# EXERCISE REQUIREMENTS:
Repeat the records exactly. Every line must match.

----

Section DoubleCovers.
Variables (T : choiceType) (F deck : T -> T) (c1 c2 : T).
Hypotheses (F_fiber : forall x z, F x = F z <-> x = z \/ x = deck z)
           (deck_fixed : forall z, deck z = z <-> z = c1 \/ z = c2)
           (F_surj : forall y, exists x, F x = y).

Let F_surjb y : exists x, F x == y.
Proof. by have [x <-] := F_surj y; exists x. Qed.

Definition preim y := let x := xchoose (F_surjb y) in
  if deck x == x then [:: x] else [:: x; deck x].

Lemma mem_preim w y : (w \in preim y) = (F w == y).
Proof.
rewrite /preim; set x := xchoose _; have /eqP Fx : F x == y := xchooseP (F_surjb y).
have -> : (F w == y) = (w == x) || (w == deck x).
  rewrite -Fx; apply/eqP/orP => [/F_fiber[]->|]; rewrite ?eqxx; auto.
  by case=> /eqP->; apply/F_fiber; auto.
by case: eqP => [->|_]; rewrite !inE ?orbb.
Qed.

Lemma uniq_preim y : uniq (preim y).
Proof. by rewrite /preim; case: eqP => //= /eqP; rewrite inE eq_sym andbT. Qed.

Lemma size_preim y : y != F c1 -> y != F c2 -> size (preim y) = 2.
Proof.
rewrite /preim; set x := xchoose _; have /eqP <- : F x == y := xchooseP (F_surjb y).
by move=> neq1 neq2; case: eqP => // /deck_fixed[] eq_x; rewrite eq_x eqxx in neq1 neq2.
Qed.

Fixpoint preimn n y := if n is n'.+1 then flatten [seq preim w | w <- preimn n' y] else [:: y].
Lemma derive_quadratic_ray (f : V -> W) a v c d :
  (forall h, h != 0 -> h^-1 *: (f (h *: v + a) - f a) = c + h *: d) ->
  'D_v f a = c.
Proof.
move=> fq; apply: cvg_lim => //.
have cd : (fun h : R => c + h *: d) @ 0 --> c + 0 *: d.
  apply: (@cvgD _ _ _ (nbhs (0 : R))); first exact: cvg_cst.
  by apply: cvgZr_tmp; exact: cvg_id.
rewrite scale0r addr0 in cd.
have {}cd : (fun h : R => c + h *: d) @ (0 : R)^' --> c by exact: cvg_within_filter.
apply: cvg_trans cd; apply: near_eq_cvg; near=> h.
by rewrite /= fq //; near: h; exact: nbhs_dnbhs_neq.
Unshelve. all: by end_near.
Qed.

Lemma derive_addl_cst (f : V -> W) k a v : 'D_v (fun y => k + f y) a = 'D_v f a.
Proof.
rewrite /derive; do 2 f_equal; apply/funext => h /=.
by rewrite opprD addrACA subrr add0r.
Qed.

Lemma derive_mx_entry p q (f : V -> 'M[R]_(p, q)) a v i j :
  derivable f a v -> 'D_v f a i j = 'D_v (fun y => f y i j) a.
Proof.
move=> df; apply/esym/cvg_lim => //.
have := cvg_comp _ _ df (@coord_continuous _ _ _ i j _).
by apply: cvg_trans; apply: near_eq_cvg; apply: nearW => h /=; rewrite !mxE.
Qed.

Lemma derive_sum_fun m (h : 'I_m -> V -> W) a v :
  (forall i, derivable (h i) a v) ->
  'D_v (fun y => \sum_(i < m) h i y) a = \sum_(i < m) 'D_v (h i) a.
Proof. by move=> dh; rewrite -derive_sum // fct_sumE. Qed.

Lemma derivable_sum_fun m (h : 'I_m -> V -> W) a v :
  (forall i, derivable (h i) a v) -> derivable (fun y => \sum_(i < m) h i y) a v.
Proof. by move=> dh; rewrite -fct_sumE; exact: derivable_sum. Qed.

End DirectionalDerivatives.

Section QformDerivative.
Context {R : numFieldType} {V : normedModType R} (n : nat).

Variables (G : V -> 'M[R]_n) (w : 'rV[R]_n) (a u : V).
Hypothesis dG : forall i j, derivable (fun y => G y i j) a u.

Let dGw i j : derivable (fun y => G y i j * w 0 i * w 0 j) a u :=
  derivableM (derivableM (@dG i j) (derivable_cst _ _ _)) (derivable_cst _ _ _).

Lemma derivable_qform : derivable (fun y => qform (G y) w) a u.
Proof. by apply: derivable_sum_fun => i; apply: derivable_sum_fun => j; apply: dGw. Qed.

Lemma derive_qform :
  'D_u (fun y => qform (G y) w) a = qform (fun i j => 'D_u (fun y => G y i j) a) w.
Proof.
rewrite derive_sum_fun => [|i]; last by apply: derivable_sum_fun => j; apply: dGw.
apply: eq_bigr => i _; rewrite derive_sum_fun => [|j]; last exact: dGw.
apply: eq_bigr => j _.
have -> : (fun y => G y i j * w 0 i * w 0 j) = (w 0 i * w 0 j) \o* (fun y => G y i j).
  by apply/funext => y; rewrite /= mulrA.
by rewrite deriveMr 1?mulrC ?mulrA //; exact: dG.
Qed.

----

# COMPLETED TASK:
Section DoubleCovers.
Variables (T : choiceType) (F deck : T -> T) (c1 c2 : T).
Hypotheses (F_fiber : forall x z, F x = F z <-> x = z \/ x = deck z)
           (deck_fixed : forall z, deck z = z <-> z = c1 \/ z = c2)
           (F_surj : forall y, exists x, F x = y).

Let F_surjb y : exists x, F x == y.
Proof. by have [x <-] := F_surj y; exists x. Qed.

Definition preim y := let x := xchoose (F_surjb y) in
  if deck x == x then [:: x] else [:: x; deck x].

Lemma mem_preim w y : (w \in preim y) = (F w == y).
Proof.
rewrite /preim; set x := xchoose _; have /eqP Fx : F x == y := xchooseP (F_surjb y).
have -> : (F w == y) = (w == x) || (w == deck x).
  rewrite -Fx; apply/eqP/orP => [/F_fiber[]->|]; rewrite ?eqxx; auto.
  by case=> /eqP->; apply/F_fiber; auto.
by case: eqP => [->|_]; rewrite !inE ?orbb.
Qed.

Lemma uniq_preim y : uniq (preim y).
Proof. by rewrite /preim; case: eqP => //= /eqP; rewrite inE eq_sym andbT. Qed.

Lemma size_preim y : y != F c1 -> y != F c2 -> size (preim y) = 2.
Proof.
rewrite /preim; set x := xchoose _; have /eqP <- : F x == y := xchooseP (F_surjb y).
by move=> neq1 neq2; case: eqP => // /deck_fixed[] eq_x; rewrite eq_x eqxx in neq1 neq2.
Qed.

Fixpoint preimn n y := if n is n'.+1 then flatten [seq preim w | w <- preimn n' y] else [:: y].
Lemma derive_quadratic_ray (f : V -> W) a v c d :
  (forall h, h != 0 -> h^-1 *: (f (h *: v + a) - f a) = c + h *: d) ->
  'D_v f a = c.
Proof.
move=> fq; apply: cvg_lim => //.
have cd : (fun h : R => c + h *: d) @ 0 --> c + 0 *: d.
  apply: (@cvgD _ _ _ (nbhs (0 : R))); first exact: cvg_cst.
  by apply: cvgZr_tmp; exact: cvg_id.
rewrite scale0r addr0 in cd.
have {}cd : (fun h : R => c + h *: d) @ (0 : R)^' --> c by exact: cvg_within_filter.
apply: cvg_trans cd; apply: near_eq_cvg; near=> h.
by rewrite /= fq //; near: h; exact: nbhs_dnbhs_neq.
Unshelve. all: by end_near.
Qed.

Lemma derive_addl_cst (f : V -> W) k a v : 'D_v (fun y => k + f y) a = 'D_v f a.
Proof.
rewrite /derive; do 2 f_equal; apply/funext => h /=.
by rewrite opprD addrACA subrr add0r.
Qed.

Lemma derive_mx_entry p q (f : V -> 'M[R]_(p, q)) a v i j :
  derivable f a v -> 'D_v f a i j = 'D_v (fun y => f y i j) a.
Proof.
move=> df; apply/esym/cvg_lim => //.
have := cvg_comp _ _ df (@coord_continuous _ _ _ i j _).
by apply: cvg_trans; apply: near_eq_cvg; apply: nearW => h /=; rewrite !mxE.
Qed.

Lemma derive_sum_fun m (h : 'I_m -> V -> W) a v :
  (forall i, derivable (h i) a v) ->
  'D_v (fun y => \sum_(i < m) h i y) a = \sum_(i < m) 'D_v (h i) a.
Proof. by move=> dh; rewrite -derive_sum // fct_sumE. Qed.

Lemma derivable_sum_fun m (h : 'I_m -> V -> W) a v :
  (forall i, derivable (h i) a v) -> derivable (fun y => \sum_(i < m) h i y) a v.
Proof. by move=> dh; rewrite -fct_sumE; exact: derivable_sum. Qed.

End DirectionalDerivatives.

Section QformDerivative.
Context {R : numFieldType} {V : normedModType R} (n : nat).

Variables (G : V -> 'M[R]_n) (w : 'rV[R]_n) (a u : V).
Hypothesis dG : forall i j, derivable (fun y => G y i j) a u.

Let dGw i j : derivable (fun y => G y i j * w 0 i * w 0 j) a u :=
  derivableM (derivableM (@dG i j) (derivable_cst _ _ _)) (derivable_cst _ _ _).

Lemma derivable_qform : derivable (fun y => qform (G y) w) a u.
Proof. by apply: derivable_sum_fun => i; apply: derivable_sum_fun => j; apply: dGw. Qed.

Lemma derive_qform :
  'D_u (fun y => qform (G y) w) a = qform (fun i j => 'D_u (fun y => G y i j) a) w.
Proof.
rewrite derive_sum_fun => [|i]; last by apply: derivable_sum_fun => j; apply: dGw.
apply: eq_bigr => i _; rewrite derive_sum_fun => [|j]; last exact: dGw.
apply: eq_bigr => j _.
have -> : (fun y => G y i j * w 0 i * w 0 j) = (w 0 i * w 0 j) \o* (fun y => G y i j).
  by apply/funext => y; rewrite /= mulrA.
by rewrite deriveMr 1?mulrC ?mulrA //; exact: dG.
Qed.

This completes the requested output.